Synaptic talk precisely counts on synchronized, well-timed neurotransmitter release initiated by the fusion of synaptic vesicles to presynaptic neuronal endings. Soluble N-ethylmaleimide-sensitive factor attachment protein receptor (SNARE) proteins facilitate membrane fusion and are crucial for the exocytosis of synaptic vesicles [1]. Vesicle-associated membrane protein 2 (VAMP2) is a vesicle-bound protein that facilitates in docking of the vesicle on the presynaptic membrane [2]. Active VAMP2 on the synaptic vesicle (v-SNARE) makes a complex with syntaxin-1 (STX1) and synaptosomal-associated protein and 25kDa (SNAP25) proteins on the presynaptic membrane (target or t-SNARE) called the SNARE complex. Proper formation of the SNARE complex in the postsynaptic membrane facilitates the exocytosis of neurotransmitters into the synaptic cleft [1]. Mutations in the components of the canonical synaptic vesicle fusion SNARE complex (VAMP2, STX1, and SNAP25) produce variant phenotypes of autism, intellectual disability, movement disorders, and epilepsy [3]. Specific de novo heterozygous VAMP2 mutations in distinct individuals present with neurodevelopmental disorder characterized by axial hypotonia, intellectual disability, autistic features along with central visual impairment, hyperkinetic movement disorder, and epilepsy [1].

Another synaptic extracellular matrix, glycoprotein Agrin (AGRN), aids in the aggregation of postsynaptic nicotinic acetylcholine receptors (AChR). AGRN is secreted from the nerve terminal of spinal motor neurons and binds to low-density lipoprotein receptor-related protein 4 (Lrp4) and muscle-specific receptor tyrosine kinase (MuSK) on the postsynaptic muscle membrane [4]. The agrin-Lrp4-MuSK signaling pathway is primarily involved in developing and maintaining neuromuscular junctions (NMJs) [4]. Congenital myasthenic syndromes (CMSs) include NMJ genetic defects implicating a group of neuromuscular diseases classified by the site of the transmission defect, such as presynaptic, synaptic, and postsynaptic [4]. Missense mutations in AGRN genes have been implicated in CMS8, an autosomal recessive disorder characterized by defects in both pre-and postsynaptic regions [4]. Clinically it presents in childhood with early-onset proximal muscle weakness, easy fatigability, ptosis, extraocular muscle weakness, facial palsy, high-arched palate, respiratory insufficiency, and a narrow thorax [5].
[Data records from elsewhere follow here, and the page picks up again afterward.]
(* For every local category $\mathbb{C}$, $\mathbf{R}[\mathbb{C}]$ is a restriction category.
   Context: Composition is diagrammatic. A local category is a category $\mathbb{C}$ with, for each object $M$, an object $\mathsf{L}M$ and a morphism $\eta_M:M\to\mathsf{L}M$ such that (L.1) $\mathsf{L}\mathsf{L}M=\mathsf{L}M$ and $\eta_{\mathsf{L}M}=\mathrm{id}$; (L.2) each $\eta_M$ is monic; (L.3) for every $M$ and $f:N\to\mathsf{L}M$ a pullback of $\eta_M$ along $f$ exists, with leg $m:P\to N$, such that $\mathsf{L}P=\mathsf{L}N$ and $m\eta_N=\eta_P$. An object $M$ is total if $M=\mathsf{L}M$ and $\eta_M=\mathrm{id}_M$. $\mathbf{R}[\mathbb{C}]$ has as objects the total objects of $\mathbb{C}$. A morphism $M\to N$ is an isomorphism class of pairs $(U,f)$ with $U$ an object of $\mathbb{C}$ satisfying $\mathsf{L}U=M$ and $f:U\to N$ a morphism, where $(U,f)$ and $(V,g)$ are isomorphic if there is an isomorphism $\varphi:U\to V$ with $\varphi\eta_V=\eta_U$ and $\varphi g=f$. The identity on $M$ is $(M,\mathrm{id}_M)$. The composite of $(U,f):M\to N$ and $(V,g):N\to P$ is $(W,\pi_Vg)$, where $W$ with projections $\pi_V:W\to V$ and $W\to U$ is a pullback of $\eta_V$ along $f$. The restriction of $(U,f)$ is $\overline{(U,f)}=(U,\eta_U):M\to M$. A restriction category is a category with an assignment to each $f:A\to B$ of $\bar f:A\to A$ such that: (R.1) $\bar ff=f$; (R.2) $\bar f\bar g=\bar g\bar f$ for $f:A\to B$, $g:A\to C$; (R.3) $\bar g\bar f=\overline{\bar gf}$ for $f:A\to B$, $g:A\to C$; (R.4) $f\bar g=\overline{fg}f$ for $f:A\to B$, $g:B\to C$. *)

From Stdlib Require Import ClassicalEpsilon RelationClasses.

Set Implicit Arguments.

(* Categories, presented by a type of objects and a type of arrows with
   domain / codomain maps.  comp f g is the diagrammatic composite f;g
   (meaningful when cod f = dom g). *)
Record Category := {
  ob : Type;
  ar : Type;
  dom : ar -> ob;
  cod : ar -> ob;
  idm : ob -> ar;
  comp : ar -> ar -> ar;
  dom_idm : forall A, dom (idm A) = A;
  cod_idm : forall A, cod (idm A) = A;
  dom_comp : forall f g, cod f = dom g -> dom (comp f g) = dom f;
  cod_comp : forall f g, cod f = dom g -> cod (comp f g) = cod g;
  comp_idl : forall f, comp (idm (dom f)) f = f;
  comp_idr : forall f, comp f (idm (cod f)) = f;
  comp_assoc : forall f g h, cod f = dom g -> cod g = dom h ->
      comp (comp f g) h = comp f (comp g h)
}.

Arguments dom {c} _.
Arguments cod {c} _.
Arguments idm {c} _.
Arguments comp {c} _ _.

Section CatDefs.
Context {C : Category}.

Definition monic (e : ar C) : Prop :=
  forall a b : ar C, cod a = dom e -> cod b = dom e -> dom a = dom b ->
    comp a e = comp b e -> a = b.

Definition is_iso (phi : ar C) : Prop :=
  exists psi : ar C, dom psi = cod phi /\ cod psi = dom phi /\
    comp phi psi = idm (dom phi) /\ comp psi phi = idm (cod phi).

(* [is_pullback h f P m p] : P with legs m : P -> dom f and p : P -> dom h
   is a pullback of h along f (so m is the pulled-back copy of h). *)
Definition is_pullback (h f : ar C) (P : ob C) (m p : ar C) : Prop :=
  dom m = P /\ cod m = dom f /\ dom p = P /\ cod p = dom h /\
  comp m f = comp p h /\
  forall (Q : ob C) (a b : ar C),
    dom a = Q -> cod a = dom f -> dom b = Q -> cod b = dom h ->
    comp a f = comp b h ->
    exists u : ar C, dom u = Q /\ cod u = P /\ comp u m = a /\ comp u p = b /\
      forall u' : ar C, dom u' = Q -> cod u' = P -> comp u' m = a ->
        comp u' p = b -> u' = u.
End CatDefs.

Record LocalCategory := {
  lcat : Category;
  Lo : ob lcat -> ob lcat;
  eta : ob lcat -> ar lcat;
  dom_eta : forall M, dom (eta M) = M;
  cod_eta : forall M, cod (eta M) = Lo M;
  L1_idem : forall M, Lo (Lo M) = Lo M;
  L1_eta : forall M, eta (Lo M) = idm (Lo M);
  L2_monic : forall M, monic (eta M);
  L3_pullback : forall (M : ob lcat) (f : ar lcat), cod f = Lo M ->
    exists (P : ob lcat) (m p : ar lcat),
      is_pullback (eta M) f P m p /\ Lo P = Lo (dom f) /\
      comp m (eta (dom f)) = eta P
}.

Section RC.
Variable LC : LocalCategory.
Local Notation C := (lcat LC).
Local Notation L := (Lo LC).
Local Notation eta := (eta LC).

Definition total (M : ob C) : Prop := L M = M /\ eta M = idm M.

Definition RCob : Type := { M : ob C | total M }.
Lemma designated_only_card (i j : 'I_m) :
  i < j -> 2 ^ #|fillable :\: [set i; j]| <= #|designated_only (i, j)|.
Proof.
move=> ij; set U := fillable :\: [set i; j].
have ji : j != i by apply: contraTneq ij => ->; rewrite ltnn.
have U_out t : t \in U -> [/\ t != i, t != j & s t != g t].
  by rewrite !inE negb_or => /andP [/andP [-> ->] ->].
pose single T := set_entry (set_entry (stamp T) j (g j)) i (f i j).
have singleE T t : (single T t : nat) =
    if t == i then f i j else if t == j then g j else if t \in T then s t else 2.
  by rewrite !set_entryE ?stampE ?f_le2 ?g_le2.
have [U_i U_j] : i \notin U /\ j \notin U by rewrite !inE !eqxx orbT.
have T_out T t : T \in powerset U -> t \notin U -> t \notin T.
  by rewrite powersetE => /subsetP TU; apply: contra => /TU.
have single_inj : {in powerset U &, injective single}.
  move=> T T' TU T'U same; apply: (stamp_inj_on U_j (g_le2 j) TU T'U).
  apply: set_entry_inj same => //.
  rewrite !set_entryE ?stampE // eq_sym (negbTE ji).
  by rewrite (negbTE (T_out _ _ TU U_i)) (negbTE (T_out _ _ T'U U_i)).
rewrite -card_powerset -(card_in_imset single_inj); apply/subset_leq_card/subsetP.
move=> _ /imsetP [T TU ->]; move: (TU); rewrite powersetE => /subsetP TsubU.
rewrite inE; apply/forallP => k; apply/forallP => l.
rewrite xpair_eqE; apply/eqP; apply/idP/idP => [des | /andP [/eqP -> /eqP ->]]; last first.
  by rewrite /designated ij /pat_at !singleE eqxx eq_sym (negbTE ji) !eqxx.
have k_ij : (k == i) || (k == j).
  have [//|ki] := eqVneq k i; have [//|kj] := eqVneq k j.
  move: (designated_fst des); rewrite singleE (negbTE ki) (negbTE kj) !inE.
  by case: (k \in T); rewrite eqxx ?orbT.
have l_ij : (l == i) || (l == j).
  have [//|li] := eqVneq l i; have [//|lj] := eqVneq l j.
  case: (designated_snd des); rewrite singleE (negbTE li) (negbTE lj).
  by case: ifP => [/TsubU /U_out [_ _ /negbTE sg] /eqP|]; rewrite ?sg ?eqxx.
have [kl _ _] := designatedP des; move: kl.
case/orP: k_ij => /eqP ->; case/orP: l_ij => /eqP ->;
  by rewrite ?eqxx ?ltnn // ltnNge (ltnW ij).
Qed.
(* Let $G_0=(V_0,E_0)$ be a finite graph ($|V_0|<\infty$) and let $(\xi_t)_{t\ge0}$ be the multi-virus contact process on $G_0$ with infection rate $\lambda$, recovery rate $1$ and death function $\phi$. Then for every $\lambda>0$, $$P_\lambda(\xi_t\neq\emptyset \ \text{for all } t)=0,$$ i.e. the process dies out.
   Context: Multi-virus contact process (MVCP): on a graph $G_0=(V_0,E_0)$, $(\xi_t)_{t\ge0}$ is a continuous-time Markov process on $(\mathbb{N}\cup\{\emptyset\})^{V_0}$ ($\mathbb{N}$ includes $0$), where $\xi_t(x)=i$ means node $x$ carries $i$ infections at time $t$ ($0$ = healthy) and $\xi_t(x)=\emptyset$ means $x$ is dead. A function $\phi:\mathbb{N}\to[0,1]$ is non-decreasing with $\phi(0)=0$ and $\phi(k)=1$ for all $k\ge M$, for some constant $M\in\mathbb{N}$. Dynamics: each infection heals independently at rate $1$ (so a live node with $\zeta(x)\ge1$ infections loses one at rate $\zeta(x)$); each infection passes to each current neighbor independently at rate $\lambda$, so a live node $x$ receives an infection at rate $\lambda N_\zeta(x)$, where $N_\zeta(x)=\sum_{y\sim x}\zeta(y)$ sums over neighbors still joined to $x$ by an edge. When a node currently carrying $i$ infections receives an infection, with probability $\phi(i+1)$ it dies, and otherwise its count becomes $i+1$. When a node dies, it, all infections on it, and all edges incident to it are removed from the graph. We write $\xi_t=\emptyset$ if $\xi_t(x)\in\{0,\emptyset\}$ for all $x$. The process dies out if $P_\lambda(\xi_t\ne\emptyset\ \forall t)=0$ and survives if this probability is positive. *)

From HB Require Import structures.
From mathcomp Require Import all_boot all_order all_algebra.
From mathcomp Require Import all_classical all_reals all_analysis.
Set Implicit Arguments. Unset Strict Implicit. Unset Printing Implicit Defensive.
Import Order.TTheory GRing.Theory Num.Theory.
Local Open Scope ring_scope.

(* A configuration of the MVCP on the vertex set V:
   [Some i] = alive with i infections, [None] = dead. *)
Definition config (V : finType) := V -> option nat.

Section MVCP.
Variables (R : realType) (V : finType) (e : rel V).
Variables (lam : R) (phi : nat -> R).

Definition alive (z : config V) (x : V) : bool := z x != None.
Definition cnt (z : config V) (x : V) : nat := if z x is Some i then i else 0%N.

(* xi = "emptyset": every node is healthy or dead *)
Definition is_empty (z : config V) : bool := [forall x, cnt z x == 0%N].

Definition upd (z : config V) (x : V) (v : option nat) : config V :=
  fun y => if y == x then v else z y.

(* N_z(x): infections on neighbours still joined to x (dead nodes lose edges) *)
Definition nbr_load (z : config V) (x : V) : nat :=
  \sum_(y | e x y && alive z y) cnt z y.

Definition heal_rate (z : config V) (x : V) : R := (cnt z x)%:R.
Definition inf_rate (z : config V) (x : V) : R :=
  if alive z x then lam * (nbr_load z x)%:R else 0.
Definition total_rate (z : config V) : R :=
  \sum_x (heal_rate z x + inf_rate z x).

(* Probability that the embedded jump chain of the MVCP started at z has not
   reached the empty set during its first n jumps. Each infection arriving at
   a node with i infections kills it w.p. phi(i+1), otherwise count -> i+1. *)
Fixpoint surv_within (n : nat) (z : config V) : R :=
  if is_empty z then 0 else
  match n with
  | 0%N => 1
  | n'.+1 =>
      (\sum_x ( heal_rate z x * surv_within n' (upd z x (Some (cnt z x).-1))
              + inf_rate z x *
                  ( phi (cnt z x).+1 * surv_within n' (upd z x None)
                  + (1 - phi (cnt z x).+1)
                      * surv_within n' (upd z x (Some (cnt z x).+1)))))
      / total_rate z
  end.

End MVCP.

From Pilot Require Import Defs.
From HB Require Import structures.
From mathcomp Require Import all_boot all_order all_algebra.
From mathcomp Require Import all_classical all_reals all_analysis.
From mathcomp Require Import lra zify.
Import Order.TTheory GRing.Theory Num.Theory.
Local Open Scope classical_set_scope.
Local Open Scope ring_scope.

(* Dead nodes stay dead and a node whose count would exceed
   K := max(M, initial counts) dies, so along every trajectory all counts stay
   at most K and the total number T of infections at most K|V|. A node receives
   infections at rate at most lam T, so every jump is a recovery with
   probability at least q := 1/(1 + |V| lam); hence from any reachable
   configuration the process is extinct within K|V| jumps with probability at
   least q^(K|V|), and surviving m K|V| jumps has probability at most
   (1 - q^(K|V|))^m. *)

(* One jump of the contraction argument: a recovery, of rate T out of T + I,
   has probability at least p and leads to survival at most (1 - s) b. *)
Lemma recovery_step_le (F : realFieldType) (T I p s b : F) :
  0 <= s -> 0 <= b -> 0 < T + I -> p * (T + I) <= T ->
  (T * ((1 - s) * b) + I * b) / (T + I) <= (1 - s * p) * b.
Proof.
move=> s_ge0 b_ge0 W_gt0 pW_le; rewrite ler_pdivrMr //.
have gap : 0 <= T - p * (T + I) by rewrite subr_ge0.
have := mulr_ge0 (mulr_ge0 s_ge0 b_ge0) gap; nra.
Qed.

Lemma cvg0_nonincreasing_geometric {R : realType} {u : nat -> R} {N : nat} {r : R} :
  0 <= r < 1 -> (forall n, 0 <= u n) -> (forall m n, (m <= n)%N -> u n <= u m) ->
  (forall m, u (m * N)%N <= r ^+ m) -> u n @[n --> \oo] --> (0 : R^o).
Proof.
move=> /andP[r_ge0 r_lt1] u_ge0 u_noninc u_geom.
have /cvgr0Pnorm_lt rm_cvg0 : (GRing.exp r : R^o ^nat) @ \oo --> 0.
  by apply: cvg_expr; rewrite ger0_norm.
apply/cvgr0Pnorm_lt => eps eps_gt0.
have [m _ /(_ m (leqnn m)) /= rm_lt] := rm_cvg0 eps eps_gt0.
exists (m * N)%N => // n /= le_mNn.
rewrite ger0_norm //; apply: le_lt_trans rm_lt.
rewrite ger0_norm ?exprn_ge0 //.
exact: le_trans (u_noninc _ _ le_mNn) (u_geom m).
Qed.

Section Extinction.
Variables (R : realType) (V : finType) (e : rel V) (lam : R) (phi : nat -> R).
Hypothesis lam_gt0 : 0 < lam.
Hypothesis phi_range : forall k, 0 <= phi k <= 1.
Let lam_ge0 : 0 <= lam := ltW lam_gt0.

Implicit Types (z : config V) (x : V).
Local Notation surv := (surv_within e lam phi).
Local Notation heal_rate := (heal_rate R).
Local Notation inf_rate := (inf_rate e lam).
Local Notation total_rate := (total_rate e lam).

Definition infections z : nat := \sum_x cnt z x.
Definition inf_total z : R := \sum_x inf_rate z x.

Definition heal_branch n z x : R := surv n (upd z x (Some (cnt z x).-1)).
Definition inf_branch n z x : R :=
  phi (cnt z x).+1 * surv n (upd z x None)
  + (1 - phi (cnt z x).+1) * surv n (upd z x (Some (cnt z x).+1)).

Lemma phi_ge0 k : 0 <= phi k. Proof. by case/andP: (phi_range k). Qed.
Lemma phi_le1 k : phi k <= 1. Proof. by case/andP: (phi_range k). Qed.

Lemma is_emptyE z : is_empty z = (infections z == 0)%N.
Proof. by rewrite /infections sum_nat_eq0. Qed.

Lemma infections_gt0 z : ~~ is_empty z -> (0 < infections z)%N.
Proof. by rewrite is_emptyE lt0n. Qed.

Lemma nbr_load_le_infections z x : (nbr_load e z x <= infections z)%N.
Proof.
rewrite /nbr_load /infections big_mkcond /=.
by apply: leq_sum => y _; case: ifP.
Qed.

Lemma heal_rate_ge0 z x : 0 <= heal_rate z x.
Proof. exact: ler0n. Qed.

Lemma inf_rate_ge0 z x : 0 <= inf_rate z x.
Proof. by rewrite /Defs.inf_rate; case: ifP => // _; rewrite mulr_ge0. Qed.

Lemma inf_rate_le z x : inf_rate z x <= lam * (infections z)%:R.
Proof.
rewrite /Defs.inf_rate; case: ifP => _; last by rewrite mulr_ge0.
by rewrite ler_wpM2l // ler_nat nbr_load_le_infections.
Qed.

Lemma inf_total_ge0 z : 0 <= inf_total z.
Proof. exact: sumr_ge0 (fun x _ => inf_rate_ge0 z x). Qed.

Lemma inf_total_le z : inf_total z <= #|V|%:R * (lam * (infections z)%:R).
Proof.
apply: le_trans (ler_sum _ (fun x _ => inf_rate_le z x)) _.
by rewrite sumr_const mulr_natl.
Qed.

Lemma total_rateE z : total_rate z = (infections z)%:R + inf_total z.
Proof. by rewrite /Defs.total_rate big_split /= natr_sum. Qed.

Lemma total_rate_gt0 z : ~~ is_empty z -> 0 < total_rate z.
Proof.
move=> nonempty; rewrite total_rateE ltr_wpDr ?inf_total_ge0 //.
by rewrite ltr0n infections_gt0.
Qed.

Lemma cnt_upd z x v y :
  cnt (upd z x v) y = if y == x then (if v is Some i then i else 0%N) else cnt z y.
Proof. by rewrite /cnt /upd; case: (y == x). Qed.

Lemma infections_upd_Some z x i :
  (infections (upd z x (Some i)) + cnt z x = infections z + i)%N.
Proof.
rewrite /infections (bigD1 x) //= [in RHS](bigD1 x) //= cnt_upd eqxx.
rewrite (eq_bigr (cnt z)); last by move=> y /negbTE y_neq; rewrite cnt_upd y_neq.
lia.
Qed.

Lemma surv_withinS n z : ~~ is_empty z ->
  surv n.+1 z = (\sum_x (heal_rate z x * heal_branch n z x
                         + inf_rate z x * inf_branch n z x)) / total_rate z.
Proof. by move=> /negbTE /= ->. Qed.

Lemma surv_within_empty n z : is_empty z -> surv n z = 0.
Proof. by case: n => [|n] /= ->. Qed.

Lemma surv_within_ge0 n z : 0 <= surv n z.
Proof.
elim: n z => [|n IH] z /=; case: ifP => // _.
rewrite divr_ge0 ?sumr_ge0 // => x _.
  rewrite addr_ge0 ?mulr_ge0 ?heal_rate_ge0 ?inf_rate_ge0 ?IH //.
  by rewrite /inf_branch addr_ge0 ?mulr_ge0 ?IH ?phi_ge0 ?subr_ge0 ?phi_le1.
by rewrite addr_ge0 ?heal_rate_ge0 ?inf_rate_ge0.
Qed.

(* When phi (cnt z x).+1 = 1 the surviving branch has weight 0. *)
Lemma inf_branch_le n z x b :
  surv n (upd z x None) <= b ->
  (phi (cnt z x).+1 != 1 -> surv n (upd z x (Some (cnt z x).+1)) <= b) ->
  inf_branch n z x <= b.
Proof.
rewrite /inf_branch; case: eqVneq => [-> dead_le _ | _ dead_le /(_ isT) alive_le].
  by rewrite subrr mul0r addr0 mul1r.
have := phi_ge0 (cnt z x).+1; have := phi_le1 (cnt z x).+1; nra.
Qed.

Lemma surv_withinS_ub n z a b : ~~ is_empty z ->
  (forall x, (0 < cnt z x)%N -> heal_branch n z x <= a) ->
  (forall x, inf_branch n z x <= b) ->
  surv n.+1 z <= ((infections z)%:R * a + inf_total z * b) / total_rate z.
Proof.
move=> nonempty heal_le inf_le.
rewrite surv_withinS // ler_pM2r ?invr_gt0 ?total_rate_gt0 //.
rewrite /infections natr_sum !mulr_suml -big_split /=.
apply: ler_sum => x _; apply: lerD; last by rewrite ler_wpM2l ?inf_rate_ge0.
rewrite /Defs.heal_rate; case: (posnP (cnt z x)) => [-> | /heal_le le_a].
  by rewrite !mul0r.
by rewrite ler_wpM2l.
Qed.

Lemma surv_within_le1 n z : surv n z <= 1.
Proof.
elim: n z => [|n IH] z; first by rewrite /=; case: ifP.
have [/(surv_within_empty n.+1) -> // | nonempty] := boolP (is_empty z).
apply: le_trans (@surv_withinS_ub n z 1 1 nonempty _ _) _.
- by move=> x _; exact: IH.
- by move=> x; apply: inf_branch_le.
by rewrite !mulr1 -total_rateE divff // gt_eqF // total_rate_gt0.
Qed.

Lemma surv_within_succ_le n z : surv n.+1 z <= surv n z.
Proof.
elim: n z => [|n IH] z;
  (have [empty | nonempty] := boolP (is_empty z); first by rewrite !surv_within_empty).
  by rewrite [surv 0 z]/= (negbTE nonempty) surv_within_le1.
rewrite !surv_withinS // ler_pM2r ?invr_gt0 ?total_rate_gt0 //.
apply: ler_sum => x _; apply: lerD; apply: ler_wpM2l;
  rewrite ?heal_rate_ge0 ?inf_rate_ge0 ?IH //.
by rewrite lerD // ler_wpM2l ?IH ?phi_ge0 ?subr_ge0 ?phi_le1.
Qed.

Lemma surv_within_le m n z : (m <= n)%N -> surv n z <= surv m z.
Proof.
move/subnKC <-; elim: (n - m)%N => [|k IH]; first by rewrite addn0.
by rewrite addnS; apply: le_trans IH; exact: surv_within_succ_le.
Qed.

Definition rec_prob : R := (1 + #|V|%:R * lam)^-1.

Lemma rec_prob_den_gt0 : 0 < 1 + #|V|%:R * lam.
Proof. by rewrite ltr_wpDr ?mulr_ge0. Qed.

Lemma rec_prob_gt0 : 0 < rec_prob.
Proof. by rewrite invr_gt0 rec_prob_den_gt0. Qed.

Lemma rec_prob_le1 : rec_prob <= 1.
Proof. by rewrite invf_le1 ?rec_prob_den_gt0 // lerDl mulr_ge0. Qed.

Lemma rec_prob_expr_ge0 j : 0 <= rec_prob ^+ j.
Proof. by rewrite exprn_ge0 // ltW // rec_prob_gt0. Qed.

Lemma rec_prob_expr_le1 j : rec_prob ^+ j <= 1.
Proof. by rewrite exprn_ile1 ?rec_prob_le1 // ltW // rec_prob_gt0. Qed.

Lemma one_sub_rec_prob_expr_itv j : 0 <= 1 - rec_prob ^+ j < 1.
Proof.
rewrite subr_ge0 rec_prob_expr_le1 ltrBlDr ltrDl.
by rewrite exprn_gt0 // rec_prob_gt0.
Qed.

Lemma rec_prob_total_rate_le z : rec_prob * total_rate z <= (infections z)%:R.
Proof.
rewrite mulrC ler_pdivrMr ?rec_prob_den_gt0 // total_rateE.
have := inf_total_le z; nra.
Qed.

Variable K : nat.
Hypothesis phiK : forall k, (K < k)%N -> phi k = 1.

Definition bounded z := forall x, (cnt z x <= K)%N.

Lemma bounded_upd_None z x : bounded z -> bounded (upd z x None).
Proof. by move=> zK y; rewrite cnt_upd; case: eqP. Qed.

Lemma bounded_upd_Some z x i : bounded z -> (i <= K)%N -> bounded (upd z x (Some i)).
Proof. by move=> zK iK y; rewrite cnt_upd; case: eqP. Qed.

Lemma inf_branch_bounded_le n z x b : bounded z ->
  (forall z', bounded z' -> surv n z' <= b) -> inf_branch n z x <= b.
Proof.
move=> zK surv_le; apply: inf_branch_le; first exact/surv_le/bounded_upd_None.
move=> phi_neq1; apply/surv_le/bounded_upd_Some => //.
by rewrite leqNgt; apply: contra phi_neq1 => /phiK ->.
Qed.

Lemma surv_within_contract n b : 0 <= b ->
  (forall z, bounded z -> surv n z <= b) ->
  forall j z, bounded z -> (infections z <= j)%N ->
  surv (n + j) z <= (1 - rec_prob ^+ j) * b.
Proof.
move=> b_ge0 surv_le j; elim: j => [|j IH] z zK le_infj.
  by rewrite surv_within_empty ?is_emptyE -?leqn0 // expr0 subrr mul0r.
have [/(surv_within_empty (n + j.+1)) -> | nonempty] := boolP (is_empty z).
  by rewrite mulr_ge0 // subr_ge0 rec_prob_expr_le1.
rewrite addnS exprSr.
apply: le_trans (@surv_withinS_ub _ z ((1 - rec_prob ^+ j) * b) b nonempty _ _) _.
- move=> x cnt_gt0; apply: IH; first by apply: bounded_upd_Some => //; have := zK x; lia.
  by have := infections_upd_Some z x (cnt z x).-1; lia.
- move=> x; apply: inf_branch_bounded_le => // z' z'K.
  exact: le_trans (surv_within_le _ _ _ (leq_addr _ _)) (surv_le z' z'K).
rewrite total_rateE; apply: recovery_step_le => //; rewrite -?total_rateE.
- exact: rec_prob_expr_ge0.
- exact: total_rate_gt0.
- exact: rec_prob_total_rate_le.
Qed.

Definition horizon : nat := (K * #|V|)%N.

Lemma infections_le_horizon z : bounded z -> (infections z <= horizon)%N.
Proof.
move=> zK; rewrite /horizon mulnC -sum_nat_const.
exact: leq_sum (fun x _ => zK x).
Qed.

Lemma surv_within_geometric m z : bounded z ->
  surv (m * horizon) z <= (1 - rec_prob ^+ horizon) ^+ m.
Proof.
elim: m z => [|m IH] z zK; first by rewrite mul0n expr0 surv_within_le1.
rewrite mulSn addnC exprS; apply: surv_within_contract => //.
- by rewrite exprn_ge0 //; case/andP: (one_sub_rec_prob_expr_itv horizon).
- exact: infections_le_horizon.
Qed.

End Extinction.

Theorem theorem2p1 (R : realType) (V : finType) (e : rel V)
  (He_sym : symmetric e) (He_irr : irreflexive e)
  (phi : nat -> R) (M : nat)
  (phi_mono : forall m n : nat, (m <= n)%N -> phi m <= phi n)
  (phi_range : forall k : nat, 0 <= phi k <= 1)
  (phi0 : phi 0%N = 0)
  (phiM : forall k : nat, (M <= k)%N -> phi k = 1)
  (lam : R) (lam_gt0 : 0 < lam)
  (z0 : config V) :
  surv_within e lam phi n z0 @[n --> \oo] --> (0 : R^o).
Proof.
pose K := maxn M (\max_x cnt z0 x).
have z0K : bounded V K z0 by move=> x; rewrite leq_max leq_bigmax orbT.
have phiK k : (K < k)%N -> phi k = 1.
  by move=> /ltnW le_Kk; apply/phiM/(leq_trans (leq_maxl _ _) le_Kk).
apply: (cvg0_nonincreasing_geometric
          (one_sub_rec_prob_expr_itv _ _ _ lam_gt0 (horizon V K))).
- by move=> n; apply: surv_within_ge0.
- by move=> m n; apply: surv_within_le.
- by move=> m; apply: surv_within_geometric.
Qed.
Recent studies have reported the individual role of VAMP2 variants in impaired neurodevelopment [6] and AGRN mutations in causing CMS [7,8]. In this case study, we report the novel occurrence of these two mutations, i.e., a genetic variant of protein VAMP2 (NM_014232: c.227 A>C [p.Gln76Pro]) and AGRN (NM_198576: c.2908 C>G [p.Gln970Glu]) in a young child presenting with global developmental delay (GDD) characterized by hypotonia, intellectual disability, and dysphagia. Mutations that we identified in this case report in the VAMP2 and AGRN pathways possibly impair proper neuronal signaling, affecting both the presynaptic and postsynaptic neuronal levels. We hope that these novel mutational patterns will contribute to understanding the pathology of synapse assembly and neuromuscular disorders and illustrate the complexity of factors that could partake in causing GDD. We sincerely anticipate that this research will raise awareness and improve clinical outcomes for patients with these rare mutations.

Case presentation

Patient and methods

The patient is a 30-month-old female born at 37 weeks gestational age with a birth weight of 3460 grams, normal head circumference, a pulse of 130 BPM, temperature of 98.2 degrees F, and APGAR scores of 9 and 9 at 1 and 5 minutes. Our patient exhibited signs of developmental delay and severe muscle weakness beginning in infancy. Symptoms began at five months of age and included severe dysphagia, poor eye contact with parents, and the inability to roll over from prone to supine. Furthermore, she experienced brief episodes of blank staring and unresponsiveness. Prenatal history was unremarkable, and there was no family history of developmental delay or mental retardation. The patient was placed on feeding therapy at eight months of age and had otherwise not received any prior clinical workup.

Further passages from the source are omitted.